In addition to winning high-profile international mooting competitions overseas, City University of Hong Kong (CityU) also plays host to a mooting competition of its own, one which emphasises the all-important areas of arbitration and mediation.
First pioneered by CityU in 2010 , the International Alternative Dispute Resolution (ADR) Mooting Competition allows students to act as arbitrators and mediators, making it the world's only mooting competition of its kind.
'In other moots, students only represent a client by acting as their lawyer,' says Rajesh Sharma, assistant professor and moot director at CityU School of Law.

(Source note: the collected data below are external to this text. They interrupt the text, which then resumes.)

(* Let $m\ge3$ and $k\ge1$. The PIN model on any $k$-regular, $k$-edge-connected loopless graph on vertex set $\mathcal M$ is strict Type $\mathcal S$.
   Context: Let $\mathcal M=\{1,\dots,m\}$. The PIN model on a graph $\mathcal G=(\mathcal M,\mathcal E)$, with $\mathcal E$ a finite multiset of 2-element subsets of $\mathcal M$, is defined as follows. Let $\mathcal E^{(n)}$ contain $n$ copies of each edge. Independent Bernoulli(1/2) variables $\xi_e$ are attached to the $e\in\mathcal E^{(n)}$, and $X^n_i=(\xi_e:e\in\mathcal E^{(n)},\ i\in e)$; the single-letter source $X_{\mathcal M}$ is the case $n=1$. $\mathcal G$ is $k$-regular if every vertex lies in exactly $k$ edges. $\mathcal G$ is $k$-edge-connected if for every nonempty proper subset $U\subset\mathcal M$ at least $k$ edges have one endpoint in $U$ and the other in $\mathcal M\setminus U$; equivalently, deleting fewer than $k$ edges never disconnects the graph. $\Delta(\mathcal P)=\frac1{|\mathcal P|-1}[\sum_{A\in\mathcal P}H(X_A)-H(X_{\mathcal M})]$ for partitions with at least 2 cells, where $X_A=(X_i:i\in A)$. The source is strict Type $\mathcal S$ if the singleton partition is the unique minimizer of $\Delta$. *)

From mathcomp Require Import all_boot.
From Stdlib Require Import Reals.
Set Implicit Arguments. Unset Strict Implicit. Unset Printing Implicit Defensive.

(* A graph on M = 'I_m is a finite multiset (list) of edges, each an
   unordered pair given as an ordered pair of vertices.  Edges are indexed
   by 'I_(size G). *)
Definition graph (m : nat) := seq ('I_m * 'I_m).

Definition edge (m : nat) (G : graph m) (j : 'I_(size G)) : 'I_m * 'I_m :=
  tnth (in_tuple G) j.

Definition loopless (m : nat) (G : graph m) : Prop :=
  forall j : 'I_(size G), (edge j).1 != (edge j).2.

Definition incident (m : nat) (G : graph m) (i : 'I_m) (j : 'I_(size G)) : bool :=
  ((edge j).1 == i) || ((edge j).2 == i).

Definition regular (m : nat) (G : graph m) (k : nat) : Prop :=
  forall i : 'I_m, #|[set j : 'I_(size G) | incident i j]| = k.

Definition edge_connected (m : nat) (G : graph m) (k : nat) : Prop :=
  forall U : {set 'I_m}, U != set0 -> U != [set: 'I_m] ->
    k <= #|[set j : 'I_(size G) | ((edge j).1 \in U) != ((edge j).2 \in U)]|.

(* Single-letter PIN source (n = 1): the sample space is {ffun E -> bool}
   with the uniform distribution, i.e. independent Bernoulli(1/2) bits xi_e. *)
Definition sample (m : nat) (G : graph m) := {ffun 'I_(size G) -> bool}.

(* X_i = (xi_e : e in E, i in e); non-incident coordinates are absent (None). *)
Definition Xi (m : nat) (G : graph m) (i : 'I_m) (xi : sample G)
  : {ffun 'I_(size G) -> option bool} :=
  [ffun j => if incident i j then Some (xi j) else None].

Definition XA (m : nat) (G : graph m) (A : {set 'I_m}) (xi : sample G)
  : {ffun 'I_m -> option {ffun 'I_(size G) -> option bool}} :=
  [ffun i => if i \in A then Some (Xi i xi) else None].

(* Shannon entropy (in bits) of f(w), w uniform on the finite type Omega:
   H = - sum_y p(y) log2 p(y), p(y) = #{w | f w = y} / #|Omega|
   (Stdlib's ln 0 = 0, so 0 log 0 = 0). *)
Definition entropy (Omega T : finType) (f : Omega -> T) : R :=
  Ropp (\big[Rplus/0%R]_(y : T)
          (let p := Rdiv (INR #|[set w | f w == y]|) (INR #|Omega|) in
           Rmult p (Rdiv (ln p) (ln 2)))).

Definition HA (m : nat) (G : graph m) (A : {set 'I_m}) : R :=
  entropy (XA A (G:=G)).

Definition Delta (m : nat) (G : graph m) (P : {set {set 'I_m}}) : R :=
  Rdiv (Rminus (\big[Rplus/0%R]_(A in P) HA G A) (HA G [set: 'I_m]))
       (Rminus (INR #|P|) 1).

Definition singleton_partition (m : nat) : {set {set 'I_m}} :=
  [set [set i] | i : 'I_m].

Definition strict_type_S (m : nat) (G : graph m) : Prop :=
  forall P : {set {set 'I_m}}, partition P [set: 'I_m] -> 2 <= #|P| ->
    P != singleton_partition m ->
    Rlt (Delta G (singleton_partition m)) (Delta G P).

From Pilot Require Import Defs.
From mathcomp Require Import all_boot.
From Stdlib Require Import Reals.
From mathcomp Require Import zify.
From Stdlib Require Import Lra.
Set Implicit Arguments. Unset Strict Implicit. Unset Printing Implicit Defensive.

(* The bits are uniform and independent, so H(X_A) is the number of edges
   touching A.  Counting, for a partition P, every edge once per block it
   touches gives sum_(A in P) H(X_A) = H(X_M) + c(P)/2, where c(P) is the
   number of (block, crossing edge) incidences; hence
   Delta(P) = c(P) / (2 (|P| - 1)).  For the singleton partition c = m k by
   regularity, while for any other partition c(P) >= |P| k by
   k-edge-connectivity, and |P| < m.  Since p / (p - 1) decreases in p, the
   singleton partition is the strict minimizer. *)

Lemma INR_sum (I : finType) (P : pred I) (F : I -> nat) :
  INR (\sum_(i | P i) F i) = \big[Rplus/0%R]_(i | P i) INR (F i).
Proof. by apply: (big_morph INR); [exact: plus_INR | done]. Qed.

Lemma Rmult_suml (I : finType) (P : pred I) (F : I -> R) c :
  Rmult (\big[Rplus/0%R]_(i | P i) F i) c =
  \big[Rplus/0%R]_(i | P i) Rmult (F i) c.
Proof. by apply: (big_morph (fun x => Rmult x c)) => [x y|]; ring. Qed.

Lemma cards_sum (I : finType) (b : pred I) : #|[set i | b i]| = \sum_i b i.
Proof. by rewrite -sum1dep_card big_mkcond; apply: eq_bigr => i _; case: (b i). Qed.

Lemma INR_expn2 a : INR (expn 2 a) = pow 2 a.
Proof. by elim: a => [|a IHa] //=; rewrite expnS mult_INR IHa. Qed.

Lemma ln2_neq0 : ln 2 <> 0%R.
Proof. by apply: Rgt_not_eq; rewrite -ln_1; apply: ln_increasing; lra. Qed.

Lemma entropy_uniform_fibers (Omega T : finType) (f : Omega -> T) (s : nat) :
  0 < s -> 0 < #|Omega| -> (forall w, #|[set w' | f w' == f w]| = s) ->
  entropy f = Rdiv (ln (Rdiv (INR #|Omega|) (INR s))) (ln 2).
Proof.
move=> s_gt0 Omega_gt0 fiberE.
have N_pos : (0 < INR #|Omega|)%R by apply: lt_0_INR; apply/ltP.
have s_pos : (0 < INR s)%R by apply: lt_0_INR; apply/ltP.
have sum_fibers : \sum_(y : T) #|[set w | f w == y]| = #|Omega|.
  rewrite -sum1_card (partition_big f predT) //=.
  by apply: eq_bigr => y _; rewrite sum1dep_card.
set c := Rdiv (ln (Rdiv (INR s) (INR #|Omega|))) (ln 2).
rewrite /entropy (eq_bigr (fun y =>
  Rmult (Rmult (INR #|[set w | f w == y]|) (/ INR #|Omega|)) c)); last first.
  move=> y _ /=; case: (set_0Vmem [set w | f w == y]) => [->|[w]].
    by rewrite cards0 /Rdiv !Rmult_0_l.
  by rewrite inE => /eqP <-; rewrite fiberE.
rewrite -Rmult_suml -Rmult_suml -INR_sum sum_fibers /c.
have -> : Rdiv (INR s) (INR #|Omega|) = Rinv (Rdiv (INR #|Omega|) (INR s)).
  by field; lra.
rewrite ln_Rinv; last exact: Rdiv_lt_0_compat.
by field; split; [exact: ln2_neq0 | lra].
Qed.

Lemma sum_mem_partition (T : finType) (P : {set {set T}}) (D : {set T}) x :
  partition P D -> x \in D -> \sum_(A in P) (x \in A) = 1.
Proof.
move=> /and3P[/eqP coverP trivP _] xD.
have x_cover : x \in cover P by rewrite coverP.
rewrite (bigD1 (pblock P x)) ?pblock_mem //= mem_pblock x_cover big1 // => A.
case/andP=> AP neq_A; case: (boolP (x \in A)) => // xA.
by rewrite (def_pblock trivP AP xA) eqxx in neq_A.
Qed.

Lemma partition_block_neq (T : finType) (P : {set {set T}}) (D A : {set T}) :
  partition P D -> 1 < #|P| -> A \in P -> A != D.
Proof.
move=> /and3P[/eqP coverP trivP set0P] P_gt1 AP; apply/eqP => AD.
have /set0Pn[B /setD1P[neq_BA BP]] : P :\ A != set0.
  by rewrite -card_gt0; move: P_gt1; rewrite (cardsD1 A) AP.
have /set0Pn[b bB] : B != set0 by apply: contraNneq set0P => <-.
have /disjointFl/(_ bB) : [disjoint A & B].
  by apply: (trivIsetP trivP) => //; rewrite eq_sym.
by rewrite AD -coverP => /negP; apply; apply/bigcupP; exists B.
Qed.

Lemma partition_card_lt (T : finType) (P : {set {set T}}) :
  partition P [set: T] -> P != [set [set x] | x : T] -> #|P| < #|T|.
Proof.
move=> partP; rewrite ltnNge; apply: contraNN => le_T_P.
move: (partP) => /and3P[/eqP coverP _ set0P].
have block_gt0 A : A \in P -> 0 < #|A|.
  by move=> AP; rewrite card_gt0; apply: contraNneq set0P => <-.
have sum_pred : \sum_(A in P) #|A|.-1 = 0.
  have sum_card : \sum_(A in P) #|A| = \sum_(A in P) #|A|.-1 + #|P|.
    rewrite -[#|P|]muln1 -sum_nat_const -big_split /=.
    by apply: eq_bigr => A /block_gt0 A_gt0; rewrite addn1 prednK.
  by have := card_partition partP; rewrite cardsT sum_card; lia.
have block1 A : A \in P -> #|A| = 1.
  move=> AP; have := block_gt0 A AP.
  by move/eqP: sum_pred; rewrite sum_nat_eq0 => /forall_inP/(_ A AP)/eqP; lia.
apply/eqP/setP => B; apply/idP/imsetP => [BP | [x _ ->]].
  by have /eqP/cards1P[x ->] := block1 B BP; exists x.
have x_cover : x \in cover P by rewrite coverP inE.
have /eqP/cards1P[y def_y] := block1 _ (pblock_mem x_cover).
have := mem_pblock P x; rewrite x_cover def_y inE => /eqP def_x.
by rewrite def_x -def_y pblock_mem.
Qed.

Lemma partition_singleton (T : finType) : partition [set [set x] | x : T] [set: T].
Proof.
apply/and3P; split.
- apply/eqP/setP => x; rewrite inE; apply/bigcupP.
  by exists [set x]; [apply: imset_f | rewrite inE].
- apply/trivIsetP => _ _ /imsetP[x _ ->] /imsetP[y _ ->] neq_xy.
  by rewrite disjoints1 inE; apply: contraNneq neq_xy => ->.
- by apply/imsetP => -[x _ /eqP]; rewrite eq_sym -cards_eq0 cards1.
Qed.

Lemma Rdiv_lt_cross a b c d :
  (0 < b)%R -> (0 < d)%R -> (a * d < c * b)%R -> (a / b < c / d)%R.
Proof.
move=> b_gt0 d_gt0 lt_ad_cb.
have -> : (a / b = (a * d) * / (b * d))%R by field; lra.
have -> : (c / d = (c * b) * / (b * d))%R by field; lra.
by apply: Rmult_lt_compat_r => //; apply: Rinv_0_lt_compat; nra.
Qed.

Section PIN.

Variables (m : nat) (G : graph m).

Definition touches (A : {set 'I_m}) (j : 'I_(size G)) : bool :=
  ((edge j).1 \in A) || ((edge j).2 \in A).

Definition crosses (A : {set 'I_m}) (j : 'I_(size G)) : bool :=
  ((edge j).1 \in A) != ((edge j).2 \in A).

Lemma eq_XA (A : {set 'I_m}) (xi xi' : sample G) :
  (XA A xi == XA A xi') = [forall j, touches A j ==> (xi j == xi' j)].
Proof.
apply/eqP/forallP => [/ffunP XA_eq j | agree].
  apply/implyP => /orP[] in_A.
    have := XA_eq (edge j).1; rewrite !ffunE in_A => -[/ffunP/(_ j)].
    by rewrite !ffunE /incident eqxx => -[->].
  have := XA_eq (edge j).2; rewrite !ffunE in_A => -[/ffunP/(_ j)].
  by rewrite !ffunE /incident eqxx orbT => -[->].
apply/ffunP => i; rewrite !ffunE; case: ifP => // iA; congr Some.
apply/ffunP => j; rewrite !ffunE; case: ifP => // /orP inc; congr Some.
apply/eqP; apply: (implyP (agree j)); rewrite /touches.
by case: inc => /eqP ->; rewrite iA ?orbT.
Qed.

Lemma card_XA_fiber (A : {set 'I_m}) (xi0 : sample G) :
  #|[set xi : sample G | XA A xi == XA A xi0]| =
  expn 2 #|[set j : 'I_(size G) | ~~ touches A j]|.
Proof.
pose F j := if touches A j then pred1 (xi0 j) else predT.
have -> : #|[set xi : sample G | XA A xi == XA A xi0]| =
          #|(finfun.family F : simpl_pred (sample G))|.
  apply: eq_card => xi; rewrite inE eq_XA.
  by apply/forallP/familyP => agree j; move: (agree j); rewrite /F; case: touches.
rewrite card_family foldrE big_map big_enum /=.
rewrite (eq_bigr (fun j => if ~~ touches A j then 2 else 1)); last first.
  by move=> j _; rewrite /F; case: touches; rewrite /= ?card1 // cardT enumT unlock.
rewrite -big_mkcond /= (prod_nat_const [pred i | ~~ touches A i]).
by congr (expn _ _); apply: eq_card => j; rewrite inE.
Qed.

Lemma HA_card_touches (A : {set 'I_m}) :
  HA G A = INR #|[set j : 'I_(size G) | touches A j]|.
Proof.
set a := #|[set j | touches A j]|; set b := #|[set j | ~~ touches A j]|.
have card_sample : #|sample G| = expn 2 a * expn 2 b.
  rewrite card_ffun card_bool -expnD -(cardsC [set j | touches A j]).
  by congr (expn 2 (_ + _)); apply: eq_card => j; rewrite !inE.
have pow2_neq0 n : INR (expn 2 n) <> 0%R.
  by rewrite INR_expn2; apply: pow_nonzero; lra.
rewrite /HA (@entropy_uniform_fibers _ _ _ (expn 2 b)); first last.
- exact: card_XA_fiber.
- by rewrite card_sample muln_gt0 !expn_gt0.
- by rewrite expn_gt0.
rewrite card_sample mult_INR.
have -> : Rdiv (INR (expn 2 a) * INR (expn 2 b)) (INR (expn 2 b)) = INR (expn 2 a).
  by field; exact: pow2_neq0.
rewrite INR_expn2 ln_pow; last lra.
field; exact: ln2_neq0.
Qed.

Lemma HA_setT : HA G [set: 'I_m] = INR (size G).
Proof.
rewrite HA_card_touches -[in RHS](card_ord (size G)) -cardsT.
by congr INR; apply: eq_card => j; rewrite !inE /touches in_setT.
Qed.

Lemma double_sum_touches (P : {set {set 'I_m}}) :
  partition P [set: 'I_m] ->
  2 * \sum_(A in P) #|[set j | touches A j]| =
  2 * size G + \sum_(A in P) #|[set j | crosses A j]|.
Proof.
move=> partP.
have in_one_block x : \sum_(A in P) (x \in A) = 1.
  by apply: (sum_mem_partition partP); rewrite inE.
under eq_bigr => A _ do rewrite cards_sum.
under [in RHS]eq_bigr => A _ do rewrite cards_sum.
rewrite !(exchange_big _ _ _ (fun A => A \in P)) /=.
have -> : 2 * size G = \sum_(j < size G) 2 by rewrite sum_nat_const card_ord mulnC.
rewrite big_distrr -big_split /=; apply: eq_bigr => j _.
rewrite big_distrr /= (eq_bigr (fun A : {set 'I_m} =>
  ((edge j).1 \in A) + ((edge j).2 \in A) + crosses A j)); last first.
  by move=> A _; rewrite /touches /crosses; do 2 case: (_ \in A).
by rewrite !big_split /= !in_one_block.
Qed.

Lemma Delta_partition (P : {set {set 'I_m}}) :
  partition P [set: 'I_m] ->
  Defs.Delta G P =
  ((INR (\sum_(A in P) #|[set j | crosses A j]|) / 2) / (INR #|P| - 1))%R.
Proof.
move=> partP; rewrite /Defs.Delta HA_setT.
under eq_bigr do rewrite HA_card_touches.
rewrite -INR_sum; congr Rdiv.
have := congr1 INR (double_sum_touches partP).
by rewrite (plus_INR (2 * size G)) -!multE !mult_INR /=; lra.
Qed.

Variable k : nat.

Lemma sum_crosses_singleton :
  loopless G -> regular G k ->
  \sum_(A in singleton_partition m) #|[set j | crosses A j]| = m * k.
Proof.
move=> loopG regG; rewrite big_imset /=; last by move=> x y _ _; exact: set1_inj.
rewrite -[m in RHS]card_ord -sum_nat_const; apply: eq_bigr => i _.
rewrite -(regG i); apply: eq_card => j; rewrite !inE /crosses /incident !inE.
have := loopG j.
by case: ((edge j).1 =P i) => [->|_]; case: ((edge j).2 =P i) => [->|_];
  rewrite ?eqxx.
Qed.

Lemma sum_crosses_ge (P : {set {set 'I_m}}) :
  edge_connected G k -> partition P [set: 'I_m] -> 1 < #|P| ->
  #|P| * k <= \sum_(A in P) #|[set j | crosses A j]|.
Proof.
move=> connG partP P_gt1; rewrite -sum_nat_const; apply: leq_sum => A AP.
apply: connG; last exact: partition_block_neq partP P_gt1 AP.
by move: partP => /and3P[_ _ set0P]; apply: contraNneq set0P => <-.
Qed.

End PIN.

Lemma card_singleton_partition m : #|singleton_partition m| = m.
Proof. by rewrite card_imset ?card_ord //; exact: set1_inj. Qed.

Lemma ratio_pred_lt (m p k c : R) :
  (1 <= k)%R -> (2 <= p)%R -> (p + 1 <= m)%R -> (p * k <= c)%R ->
  ((m * k / 2) / (m - 1) < (c / 2) / (p - 1))%R.
Proof.
move=> k_ge1 p_ge2 p_lt_m pk_le_c.
apply: Rdiv_lt_cross; [lra | lra |].
have : (0 <= (c - p * k) * (m - 1))%R by apply: Rmult_le_pos; lra.
have : (0 < k * (m - p))%R by apply: Rmult_lt_0_compat; lra.
nra.
Qed.

Theorem corollary4 (m k : nat) (G : graph m) :
  3 <= m -> 1 <= k -> loopless G -> regular G k -> edge_connected G k ->
  strict_type_S G.
Proof.
move=> _ k_gt0 loopG regG connG P partP P_ge2 neqP.
have P_lt_m : #|P| < m by rewrite -[m in _ < m]card_ord; exact: partition_card_lt.
rewrite !Delta_partition //; last exact: partition_singleton.
rewrite (sum_crosses_singleton loopG regG) card_singleton_partition -multE mult_INR.
have cross_ge := sum_crosses_ge connG partP P_ge2.
apply: ratio_pred_lt.
- by apply: (le_INR 1); apply/leP.
- by apply: (le_INR 2); apply/leP.
- by rewrite -S_INR; apply: le_INR; apply/leP.
- by rewrite -mult_INR multE; apply: le_INR; apply/leP.
Qed.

Organised in association with the China International Economic and Trade Arbitration Commission (CIETAC) and Columbia University's School of Law, the ADR mooting competition attracts teams from top law schools in Asia and from around the world.
Sharma says students who take part in the ADR moot - each of which receive the opportunity appear before a judge, to make oral presentations and to rebut the arguments of opposing counsel - encounter courtroom scenarios many young professionals wait years to experience. 'It can take anywhere between five to 10 years to get into a room where real mediation takes place,' he says.
'In classes, students learn about theory, but through mooting, they see documents of scenarios similar to those they might see as their career develops,' says Sharma, adding that students also learn how to write, research and work as a team member while still acting independently. They learn how to question and answer in an articulate way as well.